Action item: For the word "have", state the number of lines in the data that contain it, and nothing else.

------ Records for processing ------

Lemma coh_lift (g : nat -> nat) :
  (forall k, g k.+1 %% 2 ^ k = g k %% 2 ^ k) ->
  coherent (fun k => g k %% 2 ^ k).
Proof.
move=> h k; split; first by rewrite ltn_mod expn2_gt0.
by rewrite modn_dvdm ?dvd2S // h.
Qed.

Definition z2zero : Z2 := MkZ2 (coh_lift (g := fun _ => 0) (fun k => erefl)).

Lemma add_coh (a b : Z2) :
  forall k, (z2seq a k.+1 + z2seq b k.+1) %% 2 ^ k
            = (z2seq a k + z2seq b k) %% 2 ^ k.
Proof. by move=> k; rewrite -modnDm !z2mod. Qed.

Definition z2add (a b : Z2) : Z2 := MkZ2 (coh_lift (add_coh a b)).

Lemma mul_coh (a b : Z2) :
  forall k, (z2seq a k.+1 * z2seq b k.+1) %% 2 ^ k
            = (z2seq a k * z2seq b k) %% 2 ^ k.
Proof. by move=> k; rewrite -modnMm !z2mod. Qed.

Definition z2mul (a b : Z2) : Z2 := MkZ2 (coh_lift (mul_coh a b)).

Lemma one_coh : forall k, 1 %% 2 ^ k = 1 %% 2 ^ k.
Proof. by []. Qed.

Definition z2one : Z2 := MkZ2 (coh_lift (g := fun _ => 1) one_coh).

Lemma opp_coh (a : Z2) :
  forall k, (2 ^ k.+1 - z2seq a k.+1) %% 2 ^ k = (2 ^ k - z2seq a k) %% 2 ^ k.
Proof.
move=> k; rewrite -(z2mod a k).
set p := 2 ^ k; set x := z2seq a k.+1.
have hx : x < 2 * p by rewrite /x /p -expnS z2lt.
have hp : 0 < p by rewrite /p expn2_gt0.
rewrite expnS -/p.
have [lt_xp | le_px] := ltnP x p.
  rewrite (modn_small lt_xp) mul2n -addnn -addnBA; last exact: ltnW.
  by rewrite modnDl.
have -> : x %% p = x - p.
  by rewrite -{1}(subnK le_px) modnDr modn_small // ltn_subLR // addnn -mul2n.
congr (_ %% _); lia.
Qed.

Definition z2opp (a : Z2) : Z2 := MkZ2 (coh_lift (opp_coh a)).

Lemma z2addA : associative z2add.
Proof.
by move=> a b c; apply: Z2_ext => k /=; rewrite modnDml modnDmr addnA.
Qed.

Lemma z2addC : commutative z2add.
Proof. by move=> a b; apply: Z2_ext => k /=; rewrite addnC. Qed.

Lemma z2add0 : left_id z2zero z2add.
Proof. by move=> a; apply: Z2_ext => k /=; rewrite mod0n add0n modn_small ?z2lt. Qed.

Lemma z2addN : left_inverse z2zero z2opp z2add.
Proof.
move=> a; apply: Z2_ext => k /=.
by rewrite modnDml subnK ?modnn ?mod0n // ltnW ?z2lt.
Qed.

HB.instance Definition _ :=
  GRing.isZmodule.Build Z2 z2addA z2addC z2add0 z2addN.

Lemma z2mulA : associative z2mul.
Proof.
by move=> a b c; apply: Z2_ext => k /=; rewrite modnMml modnMmr mulnA.
Qed.

Lemma z2mulC : commutative z2mul.
Proof. by move=> a b; apply: Z2_ext => k /=; rewrite mulnC. Qed.

Lemma z2mul1 : left_id z2one z2mul.
Proof. by move=> a; apply: Z2_ext => k /=; rewrite modnMml mul1n modn_small ?z2lt. Qed.

Lemma z2mulDl : left_distributive z2mul z2add.
Proof.
by move=> a b c; apply: Z2_ext => k /=; rewrite modnMml mulnDl modnDm.
Qed.

Lemma z2one_neq0 : z2one != z2zero.
Proof.
apply/eqP => /(f_equal (fun a => z2seq a 1)) /=.
by [].
Qed.

HB.instance Definition _ :=
  GRing.Zmodule_isComNzRing.Build Z2 z2mulA z2mulC z2mul1 z2mulDl z2one_neq0.

(** A Z_2-lattice of rank n is modelled, through a fixed basis, as the free
   module 'rV[Z2]_n with bilinear form B(x,y) = x G y^T, for a symmetric Gram
   matrix G : 'M[Z2]_n. *)

Local Open Scope ring_scope.

Definition bform n (G : 'M[Z2]_n) (x y : 'rV[Z2]_n) : Z2 := (x *m G *m y^T) 0 0.

Definition qform n (G : 'M[Z2]_n) (x : 'rV[Z2]_n) : Z2 := bform G x x.

Definition nondeg_form n (G : 'M[Z2]_n) : Prop :=
  forall x : 'rV[Z2]_n, (forall y, bform G x y = 0) -> x = 0.

Definition ideal_gen (S : Z2 -> Prop) (a : Z2) : Prop :=
  exists (m : nat) (c s : 'I_m -> Z2),
    (forall i, S (s i)) /\ a = \sum_(i < m) c i * s i.

Definition ideal_sub (I J : Z2 -> Prop) : Prop := forall a, I a -> J a.
Definition ideal_eq (I J : Z2 -> Prop) : Prop := forall a, I a <-> J a.
Definition ideal_ssub (I J : Z2 -> Prop) : Prop :=
  ideal_sub I J /\ ~ ideal_sub J I.
Definition whole_Z2 : Z2 -> Prop := fun _ => True.

Definition ideal_scale (c : Z2) (I : Z2 -> Prop) (a : Z2) : Prop :=
  exists b, I b /\ a = c * b.

Definition in2pow (m : nat) (a : Z2) : Prop := exists b : Z2, a = (2 ^ m)%N%:R * b.

Definition has_ord2 (a : Z2) (m : nat) : Prop := in2pow m a /\ ~ in2pow m.+1 a.

Definition scale_of n (G : 'M[Z2]_n) (V : 'rV[Z2]_n -> Prop) : Z2 -> Prop :=
  ideal_gen (fun a => exists x y, [/\ V x, V y & a = bform G x y]).

Definition norm_of n (G : 'M[Z2]_n) (V : 'rV[Z2]_n -> Prop) : Z2 -> Prop :=
  ideal_gen (fun a => exists x, V x /\ a = qform G x).

Definition wholeL n : 'rV[Z2]_n -> Prop := fun _ => True.

Definition primitive_lat n (G : 'M[Z2]_n) : Prop :=
  ideal_eq (scale_of G (@wholeL n)) whole_Z2.

Definition is_basis n (E : 'M[Z2]_n) : Prop :=
  exists F : 'M[Z2]_n, F *m E = 1%:M /\ E *m F = 1%:M.

Definition span_of n (E : 'M[Z2]_n) (P : pred 'I_n) (x : 'rV[Z2]_n) : Prop :=
  exists c : 'rV[Z2]_n, (forall a, ~~ P a -> c 0 a = 0) /\ x = c *m E.

Definition modular_block n (G : 'M[Z2]_n) (E : 'M[Z2]_n) (P : pred 'I_n) : Prop :=
  exists (r : nat) (U : 'M[Z2]_#|P|),
    (exists M : 'M[Z2]_#|P|, M *m U = 1%:M /\ U *m M = 1%:M) /\
    forall p q : 'I_#|P|,
      bform G (row (enum_val p) E) (row (enum_val q) E) = (2 ^ r)%N%:R * U p q.

(* the i-th Jordan jcomp (0-based: jcomp i is l_{i+1} of the paper) *)
Definition jcomp n (E : 'M[Z2]_n) (blk : 'I_n -> nat) (i : nat) :=
  span_of E [pred a | blk a == i].

(* L = l_1 _|_ ... _|_ l_k is a Jordan decomposition with
   Z_2 = s l_1 ⊋ s l_2 ⊋ ... ⊋ s l_k.  The basis E is adapted to the splitting:
   l_{i+1} is spanned by the rows row a E with blk a = i. *)
Definition jordan_decomp n (G : 'M[Z2]_n) (E : 'M[Z2]_n) (k : nat)
    (blk : 'I_n -> nat) : Prop :=
  [/\ is_basis E,
      (forall a, (blk a < k)%N) /\ (forall i, (i < k)%N -> exists a, blk a = i),
      forall a b, blk a != blk b -> bform G (row a E) (row b E) = 0,
      forall i, (i < k)%N -> modular_block G E [pred a | blk a == i] &
      ideal_eq (scale_of G (jcomp E blk 0)) whole_Z2 /\
      forall i, (i.+1 < k)%N ->
        ideal_ssub (scale_of G (jcomp E blk i.+1))
                   (scale_of G (jcomp E blk i))].

(* Type A (1-based t of the paper; components l_1..l_{t-1} are those with
   blk < t-1, l_t is jcomp t-1, l_{t-1} is jcomp t-2). *)
Definition typeA n (G : 'M[Z2]_n) : Prop :=
  exists (E : 'M[Z2]_n) (k : nat) (blk : 'I_n -> nat) (t : nat),
    [/\ jordan_decomp G E k blk,
        (0 < t <= k)%N,
        (* l_1 _|_ ... _|_ l_{t-1} is ternary ... *)
        #|[pred a | (blk a < t.-1)%N]| = 3%N,
        (forall x, span_of E [pred a | (blk a < t.-1)%N] x ->
                   qform G x = 0 -> x = 0) &
        ideal_sub (norm_of G (jcomp E blk t.-1))
                  (ideal_scale 8%:R (scale_of G (jcomp E blk t.-2)))].

Definition SC2 : seq nat := [:: 1; 3; 5; 7; 2; 6; 10; 14]%N.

------

Expected answer: 4